As I write this post, I am relaxing on an island in the Caribbean, 1,500 miles from the bakery—a good reason not to think about feeding starters or molding sticky balls of dough. Not that I would trade my new life as a bread baker for the life of a sun worshipper. From the reclined position of my chaise longue, I can watch the bronzed bodies on the beach walk by, myriad graphic images—some quite imaginative, others quite hideous—tattooed on their bodies. On our flight down to Turks and Caicos, Brian complimented a fellow passenger on the rich detail of the tattoos completely covering his arms. Our seatmate then proceeded to roll up his pants’ leg to reveal an extraordinarily life-like portrait of Hannibal Lecter tattooed to his left calf!
It has been a great week here. Feeling rejuvenated, we are ready to get back to work!

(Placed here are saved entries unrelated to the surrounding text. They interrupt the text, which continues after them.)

Definition staircase_le (p q : pt) : Prop := fst p <= fst q /\ snd q <= snd p.

Lemma staircase_le_refl p : staircase_le p p.
Proof. unfold staircase_le; lra. Qed.

Lemma dist2_staircase_mono a b c d :
  staircase_le a b -> staircase_le b c -> staircase_le c d -> dist2 b c <= dist2 a d.
Proof.
  unfold staircase_le, dist2; intros [Hab Hab'] [Hbc Hbc'] [Hcd Hcd'].
  apply sqrt_le_1_alt; simpl; rewrite !Rmult_1_r.
  assert ((fst b - fst c) * (fst b - fst c) <= (fst a - fst d) * (fst a - fst d)) by nra.
  assert ((snd b - snd c) * (snd b - snd c) <= (snd a - snd d) * (snd a - snd d)) by nra.
  lra.
Qed.

Lemma dist2_pos_of_fst_lt p q : fst p < fst q -> 0 < dist2 p q.
Proof.
  intros Hpq; unfold dist2; apply sqrt_lt_R0; simpl; rewrite !Rmult_1_r.
  pose proof (Rle_0_sqr (snd p - snd q)); unfold Rsqr in *; nra.
Qed.

Lemma delta_sym a p q : delta a p q = delta a q p.
Proof. unfold delta, dist2; do 2 f_equal; ring. Qed.

Lemma delta_pos a p q : 0 < delta a p q.
Proof. apply exp_pos. Qed.

Lemma delta_staircase_mono alpha a b c d : 0 < alpha -> fst b < fst c ->
  staircase_le a b -> staircase_le b c -> staircase_le c d ->
  delta alpha b c <= delta alpha a d.
Proof.
  intros Halpha Hbc Hab Hbc' Hcd; apply Rle_Rpower_l; [lra|].
  split; [apply dist2_pos_of_fst_lt | apply dist2_staircase_mono]; assumption.
Qed.

Section Incomparable.
Variable E : list pt.
Hypothesis incomp_E : forall y z, In y E -> In z E -> y <> z -> incomp y z.

Lemma staircase_le_of_fst_le p q : In p E -> In q E -> fst p <= fst q -> staircase_le p q.
Proof.
  intros Hp Hq Hle; destruct (classic (p = q)) as [<-|Hne]; [apply staircase_le_refl|].
  destruct (incomp_E p q Hp Hq Hne) as [[? ?]|[? ?]]; unfold staircase_le; lra.
Qed.

Lemma fst_neq_of_neq p q : In p E -> In q E -> p <> q -> fst p <> fst q.
Proof. intros Hp Hq Hne; destruct (incomp_E p q Hp Hq Hne) as [[? ?]|[? ?]]; lra. Qed.

End Incomparable.

Ltac Rmin_cases := unfold Rmin; repeat destruct Rle_dec; lra.

Ltac unfold_obj :=
  cbn [obj]; unfold obj_MaxMin, obj_MaxSum, obj_MaxSumMin, obj_MaxMinSum, obj_Neighbor.

Lemma obj_swap12 v a u1 u2 u3 : v <> MaxSumNeighbor ->
  obj v a u1 u2 u3 = obj v a u2 u1 u3.
Proof.
  intros Hv; destruct v; try congruence; unfold_obj;
    rewrite ?(delta_sym a u2 u1), ?(delta_sym a u3 u1), ?(delta_sym a u3 u2); Rmin_cases.
Qed.

Lemma obj_swap23 v a u1 u2 u3 : v <> MaxSumNeighbor ->
  obj v a u1 u2 u3 = obj v a u1 u3 u2.
Proof.
  intros Hv; destruct v; try congruence; unfold_obj;
    rewrite ?(delta_sym a u2 u1), ?(delta_sym a u3 u1), ?(delta_sym a u3 u2); Rmin_cases.
Qed.

Lemma obj_le_of_delta_le v a u1 u2 u3 w1 w2 w3 :
  delta a u1 u2 <= delta a w1 w2 ->
  delta a u1 u3 <= delta a w1 w3 ->
  delta a u2 u3 <= delta a w2 w3 ->
  obj v a u1 u2 u3 <= obj v a w1 w2 w3.
Proof.
  intros H12 H13 H23; destruct v; unfold_obj;
    rewrite ?(delta_sym a u2 u1), ?(delta_sym a u3 u1), ?(delta_sym a u3 u2),
            ?(delta_sym a w2 w1), ?(delta_sym a w3 w1), ?(delta_sym a w3 w2); Rmin_cases.
Qed.

Lemma obj_pos v a u1 u2 u3 : 0 < obj v a u1 u2 u3.
Proof.
  pose proof (delta_pos a u1 u2); pose proof (delta_pos a u1 u3);
  pose proof (delta_pos a u2 u3); pose proof (delta_pos a u2 u1);
  pose proof (delta_pos a u3 u1); pose proof (delta_pos a u3 u2).
  destruct v; unfold_obj; Rmin_cases.
Qed.

Lemma sort3_ind {A} (key : A -> R) (Q : A -> A -> A -> Prop) :
  (forall a b c, Q a b c -> Q b a c) -> (forall a b c, Q a b c -> Q a c b) ->
  (forall a b c, key a < key b < key c -> Q a b c) ->
  forall a b c, key a <> key b -> key a <> key c -> key b <> key c -> Q a b c.
Proof.
  intros S12 S23 HQ a b c Hab Hac Hbc.
  destruct (Rlt_or_le (key a) (key b)), (Rlt_or_le (key a) (key c)),
           (Rlt_or_le (key b) (key c)).
  all: first [ apply HQ; lra
             | apply S12; apply HQ; lra
             | apply S23; apply HQ; lra
             | apply S12; apply S23; apply HQ; lra
             | apply S23; apply S12; apply HQ; lra
             | apply S12; apply S23; apply S12; apply HQ; lra
             | exfalso; lra ].
Qed.

Definition between (L R z : pt) : Prop := fst L < fst z < fst R.

Section Optimality.
Variables (v : variant) (alpha : R) (E : list pt) (L R : pt).
Hypothesis alpha_pos : 0 < alpha.
Hypothesis incomp_E : forall y z, In y E -> In z E -> y <> z -> incomp y z.
Hypotheses (L_in : In L E) (R_in : In R E).
Hypothesis extreme_LR : forall z, In z E -> fst L <= fst z <= fst R.

Lemma obj_le_extremes p q r : In p E -> In q E -> In r E -> fst p < fst q < fst r ->
  obj v alpha p q r <= obj v alpha L q R.
Proof.
  intros Hp Hq Hr Hpqr.
  pose proof (extreme_LR p Hp); pose proof (extreme_LR q Hq); pose proof (extreme_LR r Hr).
  assert (Hle : forall x y, In x E -> In y E -> fst x <= fst y -> staircase_le x y)
    by exact (staircase_le_of_fst_le E incomp_E).
  apply obj_le_of_delta_le; apply delta_staircase_mono; try lra;
    try apply staircase_le_refl; apply Hle; auto; lra.
Qed.

Lemma optimal_of_best_middle M : In M E -> between L R M ->
  (forall z, In z E -> between L R z -> obj v alpha L z R <= obj v alpha L M R) ->
  optimal v alpha E (L, M, R).
Proof.
  intros HM [HLM HMR] Hbest.
  assert (Hsorted : forall p q r, In p E -> In q E -> In r E -> fst p < fst q < fst r ->
            obj v alpha p q r <= obj v alpha L M R).
  { intros p q r Hp Hq Hr Hpqr.
    pose proof (extreme_LR p Hp); pose proof (extreme_LR r Hr).
    apply Rle_trans with (obj v alpha L q R);
      [apply obj_le_extremes | apply Hbest; [|split]]; auto; lra. }
  split.
  - destruct v; repeat split; auto; try lra; intros ->; lra.
  - intros u1 u2 u3 Hf; destruct v; cbn [feasible] in Hf;
      try (destruct Hf as (H1 & H2 & H3 & H12 & H23); apply Hsorted; auto; lra).
    all: destruct Hf as (H1 & H2 & H3 & H12 & H13 & H23).
    all: pose proof (fst_neq_of_neq E incomp_E _ _ H1 H2 H12);
         pose proof (fst_neq_of_neq E incomp_E _ _ H1 H3 H13);
         pose proof (fst_neq_of_neq E incomp_E _ _ H2 H3 H23).
    all: revert H1 H2 H3; pattern u1, u2, u3; apply (sort3_ind fst); auto;
      [ intros x y z Hxyz Hy Hx Hz; rewrite obj_swap12 by discriminate
      | intros x y z Hxyz Hx Hz Hy; rewrite obj_swap23 by discriminate ]; auto.
Qed.

End Optimality.

Lemma fold_left_invariant {A B} (f : B -> A -> B) (E : list A) (I : list A -> B -> Prop) b :
  I [] b -> (forall l z c, In z E -> I l c -> I (l ++ [z]) (f c z)) ->
  I E (fold_left f E b).
Proof.
  intros H0 Hstep.
  enough (H : forall l, incl l E -> I l (fold_left f l b)) by exact (H E (incl_refl E)).
  induction l as [|z l IH] using rev_ind; intros Hl; [exact H0|].
  rewrite fold_left_app; apply Hstep.
  - apply Hl, in_or_app; right; left; reflexivity.
  - apply IH; intros y Hy; apply Hl, in_or_app; left; exact Hy.
Qed.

Vacations, like Sunday mornings, are meant for sleeping in and late breakfasts. One of my favorite breakfasts happens to be French Toast. I always make it with braided challah (I’m a traditionalist), although some people prefer the ease of slicing a challah loaf. If you can get your hands on some fresh, farm eggs—we use the eggs from our neighbors, Diana and Hawkeye, who also raise pigs and long-horned cattle—they turn the batter a brilliant orangey-yellow and the French Toast tastes even better!
Note: if you are like Brian and prefer your French Toast the English way, substitute salt for the maple syrup when you serve it.